10 Sus veinte columnas se apoyarán sobre veinte bases de bronce, y estarán provistas de ganchos y varillas de plata.

11 A lo largo del lado norte, las cortinas tendrán igualmente una longitud de cincuenta metros, y estarán sostenidas por veinte columnas apoyadas sobre veinte bases de bronce, y provistas de ganchos y varillas de plata.

12 A lo ancho del atrio, por el lado oeste, habrá veinticinco metros de cortinas, con diez columnas y sus respectivas bases.

13 Y sobre el lado este, hacia el oriente, el ancho del atrio medirá veinticinco metros.

14 Las cortinas colocadas a un lado de la entrada medirán siete metros y medio de longitud, y allí habrá tres columnas y tres bases.

15 Las del otro lado tendrán las mismas medidas, también con tres columnas y sus respectivas bases.

El cortinado para la entrada del atrio

16 Un cortinado de diez metros de largo, hecho de púrpura violeta y escarlata, de carmesí y lino fino reforzado, recamado artísticamente, hará las veces de puerta. Este cortinado colgará de cuatro columnas apoyadas sobre cuatro bases.

17 Todas las columnas que rodean el atrio estarán unidas por varillas de plata; sus ganchos serán de plata y sus bases de bronce.

18 El atrio tendrá cincuenta metros de largo, por veinticinco de ancho y dos y medio de alto.

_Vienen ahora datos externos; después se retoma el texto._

(* Let $\mathcal W$ be a monotonic game on $[n]$, $i\neq j$ players, and $\hat{\mathcal W}$ the game obtained by imposing a symmetric weak quarrel between $i$ and $j$. Then the Penrose–Banzhaf measure satisfies $\hat\psi^{PB}_i\le\psi^{PB}_i$ and $\hat\psi^{PB}_j\le\psi^{PB}_j$, where $\psi^{PB}$ and $\hat\psi^{PB}$ denote the measure computed in $\mathcal W$ and $\hat{\mathcal W}$ respectively.
   Context: Players are $[n]=\{1,\dots,n\}$. A binary voting game on $[n]$ is identified with its collection $\mathcal W\subseteq 2^{[n]}$ of winning sets ($S\in\mathcal W$ means the division in which exactly the members of $S$ vote YES has outcome YES). It is monotonic if $T\subseteq S$ and $T\in\mathcal W$ imply $S\in\mathcal W$. Player $i$ is YES-decisive for $S$ in a game $\mathcal W$ if $i\in S$, $S\in\mathcal W$ and $S\setminus\{i\}\notin\mathcal W$. Symmetric weak quarrel between $i$ and $j$: for every $S\subseteq[n]\setminus\{i,j\}$, $S\cup\{i,j\}\in\hat{\mathcal W}\iff (S\cup\{i\}\in\mathcal W\text{ or }S\cup\{j\}\in\mathcal W)$; $S\in\hat{\mathcal W}\iff (S\cup\{i\}\in\mathcal W\text{ and }S\cup\{j\}\in\mathcal W)$; $S\cup\{i\}\in\hat{\mathcal W}\iff S\cup\{i\}\in\mathcal W$; $S\cup\{j\}\in\hat{\mathcal W}\iff S\cup\{j\}\in\mathcal W$. Penrose–Banzhaf measure: $\psi^{PB}_i=\frac{1}{2^{n-1}}\#\{S\subseteq[n]: i\in S,\ i\text{ is YES-decisive for }S\}$. *)

From mathcomp Require Import all_boot all_order all_algebra.
Set Implicit Arguments. Unset Strict Implicit. Unset Printing Implicit Defensive.
Import GRing.Theory Num.Theory.

(* A binary voting game on players 'I_n is its family of winning sets. *)
Definition game (n : nat) := {set {set 'I_n}}.

Definition monotonic n (W : game n) : Prop :=
  forall S T : {set 'I_n}, T \subset S -> T \in W -> S \in W.

Definition yes_decisive n (W : game n) (i : 'I_n) (S : {set 'I_n}) : bool :=
  [&& i \in S, S \in W & (S :\ i) \notin W].

Definition sym_weak_quarrel n (W Wh : game n) (i j : 'I_n) : Prop :=
  forall S : {set 'I_n}, i \notin S -> j \notin S ->
    [/\ ((S :|: [set i; j]) \in Wh) = ((S :|: [set i]) \in W) || ((S :|: [set j]) \in W),
        (S \in Wh) = ((S :|: [set i]) \in W) && ((S :|: [set j]) \in W),
        ((S :|: [set i]) \in Wh) = ((S :|: [set i]) \in W) &
        ((S :|: [set j]) \in Wh) = ((S :|: [set j]) \in W)].

Definition PB n (W : game n) (i : 'I_n) : rat :=
  (#|[set S : {set 'I_n} | (i \in S) && yes_decisive W i S]|)%:R / (2 ^ n.-1)%:R.

(* Every swing of i in the quarrelled game is already a swing of i in W.
   Split a coalition S containing i as T + i or T + i + j with i, j outside T.
   If S = T + i + j is winning in Wh but T + j is not, then T + j is losing in
   W, so T + i must be winning in W, and so is S by monotonicity.  If S = T + i
   is winning in Wh but T is not, then T + i is winning in W while T + j is
   losing in W, hence so is T.  The numerators of the Penrose-Banzhaf measures
   therefore compare by inclusion, and the quarrel is symmetric in i and j. *)

From mathcomp Require Import all_boot all_order all_algebra.
Set Implicit Arguments. Unset Strict Implicit.
Import GRing.Theory Num.Theory.
Local Open Scope ring_scope.

Lemma setU1_setD1 (T : finType) (A : {set T}) (i : T) :
  i \notin A -> (A :|: [set i]) :\ i = A.
Proof. by move=> iA; rewrite setUC setU1K. Qed.

Lemma setU2_setD1 (T : finType) (A : {set T}) (i j : T) :
  i \notin A -> i != j -> (A :|: [set i; j]) :\ i = A :|: [set j].
Proof.
move=> iA nij; apply/setP=> x; rewrite !inE.
by have [->|] := eqVneq x i; rewrite ?(negPf iA) ?(negPf nij) ?andbF.
Qed.

Lemma setD2_split (T : finType) (S : {set T}) (i j : T) : i \in S ->
  S = (S :\: [set i; j]) :|: (if j \in S then [set i; j] else [set i]).
Proof.
move=> iS; apply/setP=> x.
have [->|xi] := eqVneq x i; first by case: ifP; rewrite !inE eqxx ?orbT.
by case: ifP => jS; rewrite !inE (negPf xi); have [->|] := eqVneq x j; rewrite ?jS ?orbF.
Qed.

Lemma sym_weak_quarrelC n (W Wh : game n) (i j : 'I_n) :
  sym_weak_quarrel W Wh i j -> sym_weak_quarrel W Wh j i.
Proof.
move=> Q S jS iS; have [Qij Qnone Qi Qj] := Q S iS jS.
have -> : [set j; i] = [set i; j] by rewrite setUC.
by split; rewrite // 1?orbC 1?andbC.
Qed.

Section QuarrelSwing.

Variables (n : nat) (W Wh : game n) (i j : 'I_n).
Hypotheses (monW : monotonic W) (nij : i != j) (Q : sym_weak_quarrel W Wh i j).

Lemma quarrel_swing_pair (T : {set 'I_n}) : i \notin T -> j \notin T ->
  yes_decisive Wh i (T :|: [set i; j]) -> yes_decisive W i (T :|: [set i; j]).
Proof.
move=> iT jT; have [Qij _ _ Qj] := Q iT jT.
rewrite /yes_decisive !setU2_setD1 // Qij Qj => /and3P[-> + Wj].
rewrite (negPf Wj) orbF andbT => Wi.
by apply: monW Wi; rewrite setUS // sub1set !inE eqxx.
Qed.

Lemma quarrel_swing_single (T : {set 'I_n}) : i \notin T -> j \notin T ->
  yes_decisive Wh i (T :|: [set i]) -> yes_decisive W i (T :|: [set i]).
Proof.
move=> iT jT; have [_ Qnone Qi _] := Q iT jT.
rewrite /yes_decisive !setU1_setD1 // Qnone Qi => /and3P[-> Wi].
rewrite Wi /= => Wj; apply: contra Wj => WT.
by apply: monW WT; apply: subsetUl.
Qed.

Lemma quarrel_swing (S : {set 'I_n}) :
  yes_decisive Wh i S -> yes_decisive W i S.
Proof.
move=> dS; have /and3P[iS _ _] := dS.
have iT : i \notin S :\: [set i; j] by rewrite !inE eqxx.
have jT : j \notin S :\: [set i; j] by rewrite !inE eqxx orbT.
move: dS; rewrite (setD2_split j iS); case: ifP => _.
- exact: quarrel_swing_pair.
- exact: quarrel_swing_single.
Qed.

Lemma PB_quarrel_le : PB Wh i <= PB W i.
Proof.
rewrite /PB ler_pM2r ?invr_gt0 ?ltr0n ?expn_gt0 // ler_nat.
apply/subset_leq_card/subsetP => S; rewrite !inE => /andP[iS /quarrel_swing].
by rewrite iS.
Qed.

End QuarrelSwing.

Theorem theorem15 (n : nat) (W Wh : game n) (i j : 'I_n) :
  monotonic W -> i != j -> sym_weak_quarrel W Wh i j ->
  PB Wh i <= PB W i /\ PB Wh j <= PB W j.
Proof.
move=> monW nij Q; split; first exact: PB_quarrel_le monW nij Q.
by apply: PB_quarrel_le monW _ (sym_weak_quarrelC Q); rewrite eq_sym.
Qed.
Lemma fv_fsubst s :
  (forall (E : nexp) v, In v (fvN (fsubstN s E)) ->
     exists u, In u (fvN E) /\ In v (fvN (s u))) /\
  (forall (P : pexp) v, In v (fvP (fsubstP s P)) ->
     exists u, In u (fvP P) /\ In v (fvN (s u))).
Proof.
  apply nexp_pexp_mind; simpl; intros; try tauto; eauto.
  all: rewrite in_app_iff in H1; destruct H1 as [H1|H1];
       [destruct (H _ H1) as [u [? ?]]|destruct (H0 _ H1) as [u [? ?]]];
       exists u; rewrite in_app_iff; auto.
Qed.

Lemma fsubst_open s : lc_subst s ->
  (forall (E : nexp) k u, fsubstN s (openN k u E) = openN k (fsubstN s u) (fsubstN s E)) /\
  (forall (P : pexp) k u, fsubstP s (openP k u P) = openP k (fsubstN s u) (fsubstP s P)).
Proof.
  intro Hs. apply nexp_pexp_mind; simpl; intros; try solve [f_equal; auto].
  - rewrite (proj1 (open_lc_id _)); auto.
    apply (proj1 lc_weaken) with 0; auto; lia.
  - destruct (Nat.eqb n k); reflexivity.
Qed.

End Syntax.

Section Unguardedness.

(* How opening index [k] with the name [x] acts on the variables of [E |> V]. *)
Definition ren (k x : nat) (v : var) : var :=
  match v with inl n => if Nat.eqb n k then inr x else inl n | inr y => inr y end.

Lemma unshift_cons a V : unshift (a :: V) =
  (match a with inl O => [] | inl (S n) => [inl n] | inr x => [inr x] end) ++ unshift V.
Proof. reflexivity. Qed.

Lemma unshift_map_ren k x V :
  unshift (map (ren (S k) x) V) = map (ren k x) (unshift V).
Proof.
  induction V as [|a V IH]; [reflexivity|].
  simpl map. rewrite !unshift_cons, map_app, IH. f_equal.
  destruct a as [[|n]|y]; simpl; auto.
  destruct (Nat.eqb n k); reflexivity.
Qed.

Lemma in_unshift v V : In v (unshift V) ->
  (exists n, v = inl n /\ In (inl (S n)) V) \/ (exists y, v = inr y /\ In (inr y) V).
Proof.
  induction V as [|a V IH]; [simpl; tauto|].
  rewrite unshift_cons, in_app_iff. intros [H|H].
  - destruct a as [[|n]|y]; simpl in H; [tauto| |];
      destruct H as [<-|[]]; [left; exists n|right; exists y]; simpl; auto.
  - destruct (IH H) as [[n [? ?]]|[y [? ?]]]; [left; exists n|right; exists y]; simpl; auto.
Qed.

Lemma unshift_nil V : unshift V = [] -> forall v, In v V -> v = inl 0.
Proof.
  induction V as [|a V IH]; [simpl; tauto|].
  rewrite unshift_cons. intros H v [<-|Hv].
  - destruct a as [[|n]|y]; simpl in H; congruence.
  - apply IH; auto. apply app_eq_nil in H; tauto.
Qed.
(* Let $\mathcal{S}$ be a nonempty semigroup such that $|\mathcal{S}\setminus E(\mathcal{S})|$ is finite, and let $T$ be an $\mathcal{S}$-valued sequence of length $|\mathcal{S}\setminus E(\mathcal{S})|$. Then $\prod(T)\cap E(\mathcal{S})=\emptyset$ if and only if $\mathcal{R}=\langle \mathrm{supp}(T)\rangle$ is a finite commutative semigroup with $\mathcal{S}\setminus\mathcal{R}\subseteq E(\mathcal{S})$, the universal semilattice $Y(\mathcal{R})$ is a chain, $x_1*x_2=x_1$ for all $x_1,x_2\in\mathcal{R}$ with $x_1\lneqq_{\mathcal{N}_{\mathcal{R}}} x_2$, and moreover: (i) each archimedean component of $\mathcal{R}$ is either a finite cyclic semigroup $\langle x\rangle$ with $x\in\mathrm{supp}(T)$ and $\mathcal{I}(x)\equiv 1\pmod{\mathcal{P}(x)}$, or an ideal extension of a nontrivial finite cyclic group $\langle x_2\rangle$ by a nontrivial finite cyclic nilsemigroup $\langle x_1\rangle$ with $x_1,x_2\in\mathrm{supp}(T)$ and with the partial homomorphism $\varphi^{\langle x_1\rangle}_{\langle x_2\rangle}$ trivial, i.e. $\varphi^{\langle x_1\rangle}_{\langle x_2\rangle}(x_1)=x_1*e_{\langle x_2\rangle}=e_{\langle x_2\rangle}$, where $e_{\langle x_2\rangle}$ is the identity element of the group $\langle x_2\rangle$; (ii) $\mathrm{v}_x(T)=\mathcal{I}(x)+\mathcal{P}(x)-2$ for each $x\in\mathrm{supp}(T)$.
   Context: $(\mathcal{S},* )$ is a semigroup, $E(\mathcal{S})=\{e\in\mathcal{S}: e*e=e\}$. For a finite sequence $T$ of elements of $\mathcal{S}$: $\prod(T)$ is the set of all products of the terms of nonempty subsequences of $T$ taken in every possible order; $\mathrm{supp}(T)$ is the set of elements occurring in $T$; $\mathrm{v}_x(T)$ is the number of times $x$ occurs in $T$. $\langle X\rangle$ is the subsemigroup generated by $X$. For $x$ with $\langle x\rangle$ finite, the index $\mathcal{I}(x)$ is the least $r>0$ with $x^r=x^t$ for some positive $t\neq r$, and the period $\mathcal{P}(x)$ is the least $k>0$ with $x^{\mathcal{I}(x)+k}=x^{\mathcal{I}(x)}$. For a commutative semigroup $\mathcal{R}$: $a\leqq_{\mathcal{N}_{\mathcal{R}}} b$ means $a^m=b*c$ for some $c\in\mathcal{R}$ and integer $m>0$; $a\,\mathcal{N}_{\mathcal{R}}\,b$ means $a\leqq b$ and $b\leqq a$; $a\lneqq_{\mathcal{N}_{\mathcal{R}}} b$ means $a\leqq b$ but not $b\leqq a$. $\mathcal{N}_{\mathcal{R}}$ is a congruence, the quotient $Y(\mathcal{R})=\mathcal{R}/\mathcal{N}_{\mathcal{R}}$ is a semilattice (the universal semilattice), and its classes are the archimedean components of $\mathcal{R}$. A nilsemigroup is a semigroup with zero $0$ in which every element has some power equal to $0$. If $G$ is an ideal of a semigroup $B$ and $Q$ is the Rees quotient $B/G$ (collapsing $G$ to a zero), $B$ is called an ideal extension of $G$ by $Q$; when $B$ is a finite commutative archimedean semigroup that is an ideal extension of a group $G$ by a nilsemigroup $N$, the associated partial homomorphism $\varphi^N_G: N\setminus\{0_N\}=B\setminus G\to G$ is $a\mapsto a*e_G$, with $e_G$ the identity of $G$. *)

From mathcomp Require Import all_boot.
From Stdlib Require Import ClassicalEpsilon.
Set Implicit Arguments. Unset Strict Implicit. Unset Printing Implicit Defensive.
Lemma rp_potential_gain s j : (s < k)%N -> (forall i, 0 < P s i) -> P s j < theta ->
  Psi s + gamma * E <= Psi s.+1.
Proof.
move=> sk P_gt0 Pj_lt.
have opt := optimal_before sk.
have x_ge0 i : 0 <= x s i := rp_consumption_ge0 i sk.
have Ktheta_gt0 : 0 < K * theta by rewrite mulr_gt0.
have cheap i : 0 < x s i -> P s i <= K * theta.
  move=> xi_gt0; have := optimal_consumption_cheap opt P_gt0 (u_gt0 s) (u_ratio s i j) xi_gt0.
  by move/le_trans; apply; rewrite ler_wpM2l // ltW.
have demand : E + D <= \sum_i x s i.
  rewrite -(ler_pM2r Ktheta_gt0) (le_trans demand_large) //.
  have [wlo_le _] := andP (w_bounds s).
  have spent := optimal_consumption_spends_budget opt P_gt0 (u_gt0 s) j.
  apply: le_trans wlo_le (le_trans spent _).
  rewrite mulr_suml; apply: ler_sum => i _.
  have := x_ge0 i; rewrite le_eqVlt => /orP[/eqP<-|xi_gt0]; first by rewrite !mulr0 mul0r.
  by rewrite mulrC ler_wpM2l // cheap.
have ED_ge0 : 0 <= E + D := addr_ge0 (ltW E_gt0) (le_trans (d_ge0 j) (d_le j)).
have gain : gamma * (E + D) <= Num.min (gamma * \sum_i x s i) (K * theta).
  rewrite le_min (ler_wpM2l (ltW gamma_gt0) demand) /=.
  exact: le_trans (ler_wpM2r ED_ge0 gamma_le) step_small.
have bought_cap i : 0 < x s i -> P s i + K * theta <= 2 * (K * theta).
  by move=> /cheap; lra.
have := capped_sum_step_gain gamma_gt0 (ltW Ktheta_gt0) d_ge0 x_ge0 bought_cap.
have := ler_wpM2l (ltW gamma_gt0) sum_d_le.
rewrite -/(Psi s) -/(Psi s.+1); lra.
Qed.

Let invariant s j := theta - gamma * d j <= P s j + d j / E * (Psi s + gamma * D).

Lemma rp_invariant_price_ge s j : invariant s j -> plo <= P s j.
Proof.
rewrite /invariant => inv.
have D_ge0 : 0 <= D := le_trans (d_ge0 j) (d_le j).
have Einv_ge0 : 0 <= E^-1 by rewrite invr_ge0 ltW.
have a_ge0 : 0 <= d j / E := mulr_ge0 (d_ge0 j) Einv_ge0.
have a_le : d j / E <= D / E := ler_wpM2r Einv_ge0 (d_le j).
have Y_ge0 : 0 <= m%:R * (2 * (K * theta)) + Dbar * D.
  have := mulr_ge0 (ltW (lt_le_trans gamma_gt0 gamma_le)) D_ge0.
  have := mulr_ge0 (ler0n R m) (ltW (mulr_gt0 K_gt0 theta_gt0)); lra.
have bound : d j / E * (Psi s + gamma * D)
             <= D / E * (m%:R * (2 * (K * theta)) + Dbar * D).
  apply: le_trans _ (ler_wpM2r Y_ge0 a_le); rewrite ler_wpM2l //.
  by rewrite lerD ?capped_sum_le // ler_wpM2r.
have := ler_pM (ltW gamma_gt0) (d_ge0 j) gamma_le (d_le j).
have := plo_le; lra.
Qed.

Lemma rp_invariant_step s : (s < k)%N ->
  (forall j, invariant s j) -> forall j, invariant s.+1 j.
Proof.
move=> sk inv_s j.
have P_gt0 i : 0 < P s i := lt_le_trans plo_gt0 (rp_invariant_price_ge (inv_s i)).
have Pj_drop : P s j - gamma * d j <= P s.+1 j.
  rewrite /= lerD2l lerN2 (ler_wpM2l (ltW gamma_gt0)) // gerBl.
  exact: rp_consumption_ge0.
have a_ge0 : 0 <= d j / E := divr_ge0 (d_ge0 j) (ltW E_gt0).
have := inv_s j; rewrite /invariant.
have [Pj_lt|Pj_ge] := ltP (P s j) theta.
  have := ler_wpM2l a_ge0 (rp_potential_gain sk P_gt0 Pj_lt).
  have -> : d j / E * (Psi s + gamma * E) = d j / E * Psi s + gamma * d j.
    by field; rewrite gt_eqF.
  lra.
have : 0 <= d j / E * (Psi s.+1 + gamma * D).
  rewrite mulr_ge0 //; have := rp_potential_drop sk; have := rp_potential_ge0 P_gt0; lra.
lra.
Qed.

Lemma rp_price_ge s : (s <= k)%N -> forall j, plo <= P s j.
Proof.
suff inv : (s <= k)%N -> forall j, invariant s j.
  by move=> sk j; apply: rp_invariant_price_ge (inv sk j).
elim: s => [_ j|s IH sk]; last exact: rp_invariant_step sk (IH (ltnW sk)).
have p1_gt0 i : 0 < p1 i := lt_le_trans theta_gt0 (theta_le_p1 i).
have D_ge0 : 0 <= D := le_trans (d_ge0 j) (d_le j).
have := mulr_ge0 (divr_ge0 (d_ge0 j) (ltW E_gt0))
  (addr_ge0 (@rp_potential_ge0 0 p1_gt0) (mulr_ge0 (ltW gamma_gt0) D_ge0)).
rewrite /invariant /P /=; have := theta_le_p1 j.
have := mulr_ge0 (ltW gamma_gt0) (d_ge0 j); lra.
Qed.

Lemma rp_price_le s : (s <= k)%N ->
  forall j, P s j <= Num.max (p1 j) (whi / d j + Dbar * (whi / plo)).
Proof.
elim: s => [_ j|s IH sk j]; first by rewrite le_max lexx.
have P_ge i : plo <= P s i := rp_price_ge (ltnW sk) i.
have P_gt0 i : 0 < P s i := lt_le_trans plo_gt0 (P_ge i).
have Px_ge0 i : 0 <= P s i * x s i := mulr_ge0 (ltW (P_gt0 i)) (rp_consumption_ge0 i sk).
have Px_le : P s j * x s j <= whi := le_trans (ler_term_sum j Px_ge0) (rp_spending_le sk).
have x_le : x s j <= whi / plo.
  rewrite ler_pdivlMr // (le_trans _ Px_le) // mulrC ler_wpM2r //.
  exact: rp_consumption_ge0.
have step := price_step_le (P_gt0 j) (rp_consumption_ge0 j sk) Px_le (d_gt0 j) (ltW gamma_gt0).
apply: le_trans step _; rewrite ge_max IH ?(ltnW sk) //= le_max; apply/orP; right.
by rewrite lerD2l (ler_pM (ltW gamma_gt0) (rp_consumption_ge0 j sk)).
Qed.

Lemma rp_price_bounds s : (s <= k)%N ->
  forall j, plo <= P s j <= Num.max (p1 j) (whi / d j + Dbar * (whi / plo)).
Proof. by move=> sk j; rewrite rp_price_ge // rp_price_le. Qed.

End PriceBounds.

Lemma price_margin (R : realFieldType) (mr K D E Dbar theta : R) :
  0 <= mr -> 1 <= K -> 0 < D -> 0 < theta -> 0 <= Dbar ->
  8 * (mr + 1) * K * D <= E -> Dbar * (E + D) <= K * theta ->
  theta / 2 <= theta - Dbar * D - D / E * (mr * (2 * (K * theta)) + Dbar * D).
Proof.
move=> mr_ge0 K_ge1 D_gt0 theta_gt0 Dbar_ge0 E_ge step_small.
have K_gt0 : 0 < K := lt_le_trans ltr01 K_ge1.
have D_le_KD : D <= K * D by rewrite -{1}[D]mul1r ler_wpM2r // ltW.
have mrKD_ge0 : 0 <= mr * (K * D) by rewrite !mulr_ge0 // ltW.
have KD_le_E : 8 * (K * D) <= E by lra.
have E_gt0 : 0 < E by lra.
have demand_term : D / E * (mr * (2 * (K * theta))) <= theta / 4.
  rewrite mulrAC ler_pdivrMr //.
  have theta4_ge0 : 0 <= theta / 4 by lra.
  have := ler_wpM2l theta4_ge0 E_ge; have := mulr_ge0 (ltW (mulr_gt0 K_gt0 D_gt0)) (ltW theta_gt0).
  lra.
have drop_term : Dbar * D <= theta / 8.
  rewrite -(ler_pM2l K_gt0); have := ler_wpM2l Dbar_ge0 KD_le_E.
  have := mulr_ge0 Dbar_ge0 (ltW D_gt0); lra.
have DE_le1 : D / E <= 1 by rewrite ler_pdivrMr // mul1r; lra.
have := ler_wpM2r (mulr_ge0 Dbar_ge0 (ltW D_gt0)) DE_le1.
lra.
Qed.
Lemma slow_modulus_0 : slow_modulus 0 = 0.
Proof.
  apply Rle_antisym.
  - eapply Rle_trans; [apply (slow_modulus_le_piece 0); lra|]. unfold piece; simpl; unfold Rdiv; lra.
  - apply (slow_modulus_ge 0); simpl; lra.
Qed.

Lemma slow_modulus_pos x : 0 < x -> 0 < slow_modulus x.
Proof.
  intros Hx. apply Rlt_le_trans with (Rmin (x / INR (gap 0)) (1 / 2)).
  { pose proof (gap_ge1 0). apply Rmin_glb_lt; [apply Rdiv_lt_0_compat|]; lra. }
  apply (inf_fun_ge piece piece_nonneg); [lra|]; intros [|m].
  - eapply Rle_trans; [apply Rmin_l|]. unfold piece; simpl; lra.
  - eapply Rle_trans; [apply Rmin_r|]. unfold piece.
    pose proof (gap_ge1 (S m)); pose proof (pos_INR m).
    pose proof (double_breakpoint_le_gap (S m)) as Hg.
    apply le_INR in Hg; rewrite mult_INR in Hg; simpl (INR 2) in Hg.
    rewrite S_INR.
    set (q := (x - INR (breakpoint (S m))) / INR (gap (S m))).
    assert (q * INR (gap (S m)) = x - INR (breakpoint (S m))) by (unfold q; field; lra).
    nra.
Qed.

Lemma slow_modulus_concave : concave_on_nonneg slow_modulus.
Proof. exact (inf_fun_concave piece piece_nonneg piece_concave). Qed.

Lemma slow_modulus_mono x y : 0 <= x -> x <= y -> slow_modulus x <= slow_modulus y.
Proof. apply inf_fun_mono; [exact piece_nonneg | intros m x' y' _; apply piece_mono]. Qed.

Todas sus cortinas serán de lino fino reforzado y sus bases de bronce.

19 Los utensilios para el servicio litúrgico de la Morada, lo mismo que sus estacas y las del atrio serán también de bronce.

El aceite para el candelabro

20 Ordenarás a los israelitas que te traigan aceite puro de oliva molida para el candelero, a fin de alimentar constantemente una lámpara.

21 Aarón y sus hijos lo deberán preparar en la Carpa del Encuentro, fuera del velo que está delante del Arca del Testimonio, para que arda en la presencia del Señor, desde la tarde hasta la mañana. Este es un decreto irrevocable para todas las generaciones israelitas.